→ **What the exercise asks**
Look through the records, and whenever a line includes the word "Scope", copy it.

[Saved data entries]
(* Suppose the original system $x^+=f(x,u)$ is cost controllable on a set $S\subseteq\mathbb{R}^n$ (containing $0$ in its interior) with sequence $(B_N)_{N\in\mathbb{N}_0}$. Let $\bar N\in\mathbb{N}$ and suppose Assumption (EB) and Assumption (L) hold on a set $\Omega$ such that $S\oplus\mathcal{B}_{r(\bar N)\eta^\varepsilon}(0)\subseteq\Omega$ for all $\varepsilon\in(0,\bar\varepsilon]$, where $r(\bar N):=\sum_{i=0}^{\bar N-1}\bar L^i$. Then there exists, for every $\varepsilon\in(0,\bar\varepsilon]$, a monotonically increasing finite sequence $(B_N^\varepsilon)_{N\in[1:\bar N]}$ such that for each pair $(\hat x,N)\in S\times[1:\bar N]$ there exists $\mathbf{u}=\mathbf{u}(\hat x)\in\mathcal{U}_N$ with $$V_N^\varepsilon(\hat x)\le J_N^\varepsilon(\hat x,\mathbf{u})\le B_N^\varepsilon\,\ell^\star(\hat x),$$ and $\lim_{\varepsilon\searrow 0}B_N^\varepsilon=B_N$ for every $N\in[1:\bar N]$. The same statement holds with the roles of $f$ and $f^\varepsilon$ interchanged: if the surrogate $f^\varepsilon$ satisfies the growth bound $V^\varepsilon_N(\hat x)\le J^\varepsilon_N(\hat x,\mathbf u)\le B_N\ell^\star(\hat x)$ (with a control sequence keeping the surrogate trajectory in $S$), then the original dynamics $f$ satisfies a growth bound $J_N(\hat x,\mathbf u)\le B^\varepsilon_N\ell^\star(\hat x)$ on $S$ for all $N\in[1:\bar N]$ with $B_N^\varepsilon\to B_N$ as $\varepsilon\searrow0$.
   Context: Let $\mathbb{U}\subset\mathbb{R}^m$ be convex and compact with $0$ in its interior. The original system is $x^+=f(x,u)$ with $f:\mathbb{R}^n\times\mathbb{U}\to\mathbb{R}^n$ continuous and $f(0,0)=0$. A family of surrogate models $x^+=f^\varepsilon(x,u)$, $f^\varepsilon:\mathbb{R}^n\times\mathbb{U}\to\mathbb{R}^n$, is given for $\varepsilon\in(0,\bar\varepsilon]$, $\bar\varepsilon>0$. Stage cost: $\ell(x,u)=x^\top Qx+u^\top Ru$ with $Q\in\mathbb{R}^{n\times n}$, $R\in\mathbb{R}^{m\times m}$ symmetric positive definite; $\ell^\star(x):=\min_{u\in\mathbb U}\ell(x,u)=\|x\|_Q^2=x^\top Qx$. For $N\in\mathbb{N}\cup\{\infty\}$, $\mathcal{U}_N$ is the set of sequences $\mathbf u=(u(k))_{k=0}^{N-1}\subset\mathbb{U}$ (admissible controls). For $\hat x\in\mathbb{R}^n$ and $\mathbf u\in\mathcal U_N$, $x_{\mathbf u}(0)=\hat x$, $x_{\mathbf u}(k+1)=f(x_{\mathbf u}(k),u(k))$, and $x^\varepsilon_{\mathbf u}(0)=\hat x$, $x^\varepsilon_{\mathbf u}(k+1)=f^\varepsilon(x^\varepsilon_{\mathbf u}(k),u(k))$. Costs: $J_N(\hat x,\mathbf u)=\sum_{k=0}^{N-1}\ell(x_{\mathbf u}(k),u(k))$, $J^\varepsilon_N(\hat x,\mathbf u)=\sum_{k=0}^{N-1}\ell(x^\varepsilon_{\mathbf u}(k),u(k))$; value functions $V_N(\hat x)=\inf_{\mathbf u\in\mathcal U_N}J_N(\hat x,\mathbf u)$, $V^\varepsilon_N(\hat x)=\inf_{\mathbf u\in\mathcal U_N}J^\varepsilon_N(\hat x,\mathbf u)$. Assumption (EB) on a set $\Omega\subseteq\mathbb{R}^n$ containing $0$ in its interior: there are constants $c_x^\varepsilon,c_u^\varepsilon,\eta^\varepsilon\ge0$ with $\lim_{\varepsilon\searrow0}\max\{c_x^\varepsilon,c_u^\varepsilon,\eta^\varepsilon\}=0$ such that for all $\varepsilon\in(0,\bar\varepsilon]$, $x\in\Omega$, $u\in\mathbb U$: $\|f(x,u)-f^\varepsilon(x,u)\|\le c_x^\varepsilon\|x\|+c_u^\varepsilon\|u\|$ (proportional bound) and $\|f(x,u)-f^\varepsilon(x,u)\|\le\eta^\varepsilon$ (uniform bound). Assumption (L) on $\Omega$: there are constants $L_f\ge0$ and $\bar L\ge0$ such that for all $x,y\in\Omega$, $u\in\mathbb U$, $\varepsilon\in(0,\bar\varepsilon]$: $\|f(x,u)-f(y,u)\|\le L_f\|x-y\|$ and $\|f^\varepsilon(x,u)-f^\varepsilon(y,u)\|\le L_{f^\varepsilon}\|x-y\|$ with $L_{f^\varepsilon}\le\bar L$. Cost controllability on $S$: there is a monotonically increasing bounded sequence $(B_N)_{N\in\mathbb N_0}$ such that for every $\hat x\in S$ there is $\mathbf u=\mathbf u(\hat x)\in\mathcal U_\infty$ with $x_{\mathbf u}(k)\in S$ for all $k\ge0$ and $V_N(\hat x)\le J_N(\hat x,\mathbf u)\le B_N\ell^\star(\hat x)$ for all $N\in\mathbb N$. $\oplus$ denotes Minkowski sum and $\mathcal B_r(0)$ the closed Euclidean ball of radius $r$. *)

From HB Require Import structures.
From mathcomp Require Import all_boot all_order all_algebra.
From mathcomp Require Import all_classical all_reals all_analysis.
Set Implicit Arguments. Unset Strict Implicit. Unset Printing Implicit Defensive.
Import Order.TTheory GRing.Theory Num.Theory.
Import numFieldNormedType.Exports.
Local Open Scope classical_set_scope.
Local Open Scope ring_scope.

→ **Written reply**
Local Open Scope classical_set_scope.
Local Open Scope ring_scope.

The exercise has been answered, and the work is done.